Понятно, что из романа я запомнил и кое-что еще — например, знаменитую притчу о поселянине, всю жизнь простоявшем у ворот, умоляя привратника пропустить его, а тот не пускал. «Никому сюда входа нет, эти врата были предназначены для тебя одного! Теперь пойду и запру их», — закричал привратник, когда проситель «начал отходить». В моей памяти этот отрывок долгие годы хранился слегка искаженным: дождавшись, когда проситель умрет, стражник сказал сам себе: пойду запру ворота, они были предназначены для него. Важно ли было для Кафки, чтобы смотритель обращался не к себе, а к еще живому поселянину? Полагаю, что да. Фиксация мгновения перехода из этого мира в мир иной придавала эпизоду драматизм и динамизм, приглушенные моей памятью.

Еще запомнил из «Процесса», как адвокат постелил себе и устроился на ночлег прямо у двери подзащитного, так что тот, выходя из комнаты по нужде, должен был перешагивать через его тело (мелкое неудобство). Кстати — очень сновидческий момент (независимо от символической интерпретации перешагивания через тело, мне малоинтересной — как тогда, так и сейчас).

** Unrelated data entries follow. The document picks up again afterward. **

Lemma X0plus_interleave R (x p q : nat -> int) (c : int) :
  (forall rho, (1 <= rho <= R)%N -> x (2 * rho).-1%N = p rho /\ x (2 * rho)%N = q rho) ->
  (forall rho, (1 <= rho <= R)%N -> q rho <= p rho) ->
  (forall rho, (1 <= rho < R)%N -> p rho.+1 <= q rho) ->
  (forall rho, (1 <= rho <= R)%N -> p rho + q (R.+1 - rho)%N = c) ->
  X0plus (2 * R) x /\ (forall i, (1 <= i <= 2 * R)%N -> x i + x ((2 * R).+1 - i)%N = c).
Proof.
move=> xE qp pq pq_sum.
have split_idx i : (1 <= i <= 2 * R)%N ->
    exists2 rho, (1 <= rho <= R)%N & (i = (2 * rho).-1 \/ i = 2 * rho)%N.
  by move=> iR; exists ((i + 1) %/ 2)%N; lia.
have x_sum i : (1 <= i <= 2 * R)%N -> x i + x ((2 * R).+1 - i)%N = c.
  move=> /split_idx [rho rhoR [-> | ->]]; have rho'R : (1 <= R.+1 - rho <= R)%N by lia.
  - have [-> _] := xE rho rhoR; have [_ x_q] := xE _ rho'R.
    by rewrite (_ : (2 * R).+1 - (2 * rho).-1 = 2 * (R.+1 - rho))%N ?x_q ?pq_sum //; lia.
  - have [_ ->] := xE rho rhoR; have [x_p _] := xE _ rho'R.
    rewrite (_ : (2 * R).+1 - 2 * rho = (2 * (R.+1 - rho)).-1)%N ?x_p; last by lia.
    by rewrite -(pq_sum _ rho'R) addrC (_ : R.+1 - (R.+1 - rho) = rho)%N //; lia.
split=> //; split; last by exists c.
move=> i i1 iR; have [rho rhoR [i_odd | i_even]] := split_idx i ltac:(lia).
- rewrite i_odd (_ : ((2 * rho).-1.+1 = 2 * rho)%N); last by lia.
  by have [-> ->] := xE rho rhoR; exact: qp.
- have rho1R : (1 <= rho.+1 <= R)%N by lia.
  rewrite i_even (_ : (2 * rho).+1 = (2 * rho.+1).-1)%N; last by lia.
  by have [_ ->] := xE rho rhoR; have [-> _] := xE _ rho1R; apply: pq; lia.
Qed.

Section Position.

Variables (n m : nat) (mu nu : nat -> int) (a : nat -> nat).
Hypotheses (mu0 : X0plus n mu) (nu0 : X0plus m nu).
Hypothesis a_pos : is_position n m (lseq n mu) (lseq m nu) a.

Local Notation l := (lseq n mu).
Local Notation l' := (lseq m nu).

Lemma position_mono j : (0 < j < m)%N -> (a j <= a j.+1)%N.
Proof.
move=> /andP [j0 jm]; case: (mu0) (nu0) => mu_decr _ [nu_decr _].
have [a_j lt_j _] := @a_pos j ltac:(lia).
have [_ _ le_j1] := @a_pos j.+1 ltac:(lia).
rewrite leqNgt; apply/negP => a_drop.
(* l'_j < l_{a_j} <= l_{1+a_{j+1}} <= l'_{j+1} < l'_j *)
have := lseq_nonincr mu_decr (ltn0Sn _) a_drop ltac:(lia).
have := lseq_sub nu_decr j0 (leqnSn j) jm.
lia.
Qed.

Hypothesis lseq_disjoint :
  forall i j, (1 <= i <= n)%N -> (1 <= j <= m)%N -> l i != l' j.

Lemma position_sym j : (1 <= j <= m)%N -> a (m.+1 - j) = (n - a j)%N.
Proof.
move=> jm; case: (mu0) (nu0) => mu_decr _ [nu_decr _].
have [a_j lt_j le_j] := @a_pos j jm.
have [a_j' lt_j' le_j'] := @a_pos (m.+1 - j)%N ltac:(lia).
have ne_j := @lseq_disjoint (a j).+1 j ltac:(lia) jm.
have l_na := lseq_sym mu0 (i := a j) ltac:(lia).
have := lseq_sym mu0 (i := (a j).+1) ltac:(lia); rewrite subSS => l_n1a.
apply: (lseq_interval_uniq mu_decr (y := l' (m.+1 - j))); rewrite ?le_j' ?lt_j' //; try lia.
rewrite (_ : (n - a j).+1 = n.+1 - a j)%N ?l_na ?l_n1a ?(lseq_sym nu0 jm); last by lia.
by rewrite lerN2 ltrN2 (ltW lt_j) lt_neqAle le_j ne_j.
Qed.

Lemma lam_step j : (0 < j < m)%N -> lam nu a j.+1 <= lam nu a j.
Proof.
move=> /andP [j0 jm]; case: (mu0) (nu0) => mu_decr _ [nu_decr _].
have [_ _ le_j] := @a_pos j ltac:(lia).
have [a_j1 lt_j1 _] := @a_pos j.+1 ltac:(lia).
have l'_step : l' j = l' j.+1 + 2 * (nu j - nu j.+1) + 2 by rewrite /lseq; lia.
have := position_mono (j := j) ltac:(lia); rewrite leq_eqVlt => /orP [/eqP a_eq | a_lt].
  by have := nu_decr j j0 jm; rewrite /lam a_eq; lia.
(* l_{1+a_j} - l_{a_{j+1}} >= 2 (a_{j+1} - a_j - 1) is squeezed inside l'_j - l'_{j+1} *)
have := lseq_sub mu_decr (ltn0Sn (a j)) a_lt ltac:(lia).
by rewrite /lam; lia.
Qed.

Lemma lam_nonincr i j : (1 <= i)%N -> (i <= j)%N -> (j <= m)%N -> lam nu a j <= lam nu a i.
Proof. by apply: nonincr_step => k kj; apply: lam_step; lia. Qed.

Lemma lam_sym j : (1 <= j <= m)%N ->
  lam nu a j + lam nu a (m.+1 - j) = wt m nu + n%:Z - m%:Z - 1.
Proof.
move=> jm; have := X0plus_sum nu0 jm; have := position_sym jm.
have [a_j _ _] := @a_pos j jm.
by rewrite /lam; lia.
Qed.

Lemma jumps_position_sym : map (subn m) (rev (jumps m a)) = jumps m a.
Proof.
apply: jumps_sym => j jm.
have := position_sym (j := j) ltac:(lia); have := position_sym (j := j.+1) ltac:(lia).
have [a_j _ _] := @a_pos j ltac:(lia); have [a_j1 _ _] := @a_pos j.+1 ltac:(lia).
rewrite subSS (_ : (m - j).+1 = m.+1 - j)%N; last by lia.
by move=> -> ->; apply/idP/idP; lia.
Qed.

Из Пруста я тоже мало что запомнил. Первые 18 лет моей жизни в США ушли на чтение «В поисках утраченного времени». Конечно, не только на это. Параллельно я читал и кое-что еще. С Прустом я строго придерживался правила: читать только летом, в солнечную погоду, при купании в естественных или искусственных водоемах. Щурясь от солнечных лучей, впитывал, смакуя, каждую фразу, иная из которых превышала длиной целую страницу. Закончив (несколько лет назад) последний том, я решил пойти по второму кругу, тем более что, пока читал, я забыл, что случилось в первых томах. Скорее всего, ничего не случилось. Вся прелесть общения с Прустом — это то, что его тексты невозможно запоминать. Их потребление происходит одновременно с забвением. В этом, быть может, и заключается главный (и, кажется, не разгаданный) смысл названия «В поисках утраченного времени». Чтение Пруста моделирует одновременно процесс и воспоминания (внутри текста), и забвения (самого текста). В этом и заключается ценность этой книги. Её можно потреблять только «на месте», но нельзя унести с собой. Некоторые со мной не согласятся и даже скажут, что чтение Пруста (а быть может, и чтение вообще) и есть потерянное навсегда время. Я так не считаю.

Лирический герой

Как известно, для написания внятной художественной прозы необходимо, чтобы у автора были:

    Фантазия и воображение. Интеллект и остроумие. Способность изъясняться стилем, свободным от штампов. Способность к созданию лирического героя (далее по тексту — ЛГ).

Необходимость первых трех элементов сомнений не вызывает, хотя легко сказать «фантазия и воображение», а вот поди сыщи их, если бог не дал. Или как избежать навязших в зубах клише, если они так и просятся в зубы, вместе с фразой «навязшие в зубах». Но самым загадочным представляется последний элемент. Что это за зверь — лирический герой?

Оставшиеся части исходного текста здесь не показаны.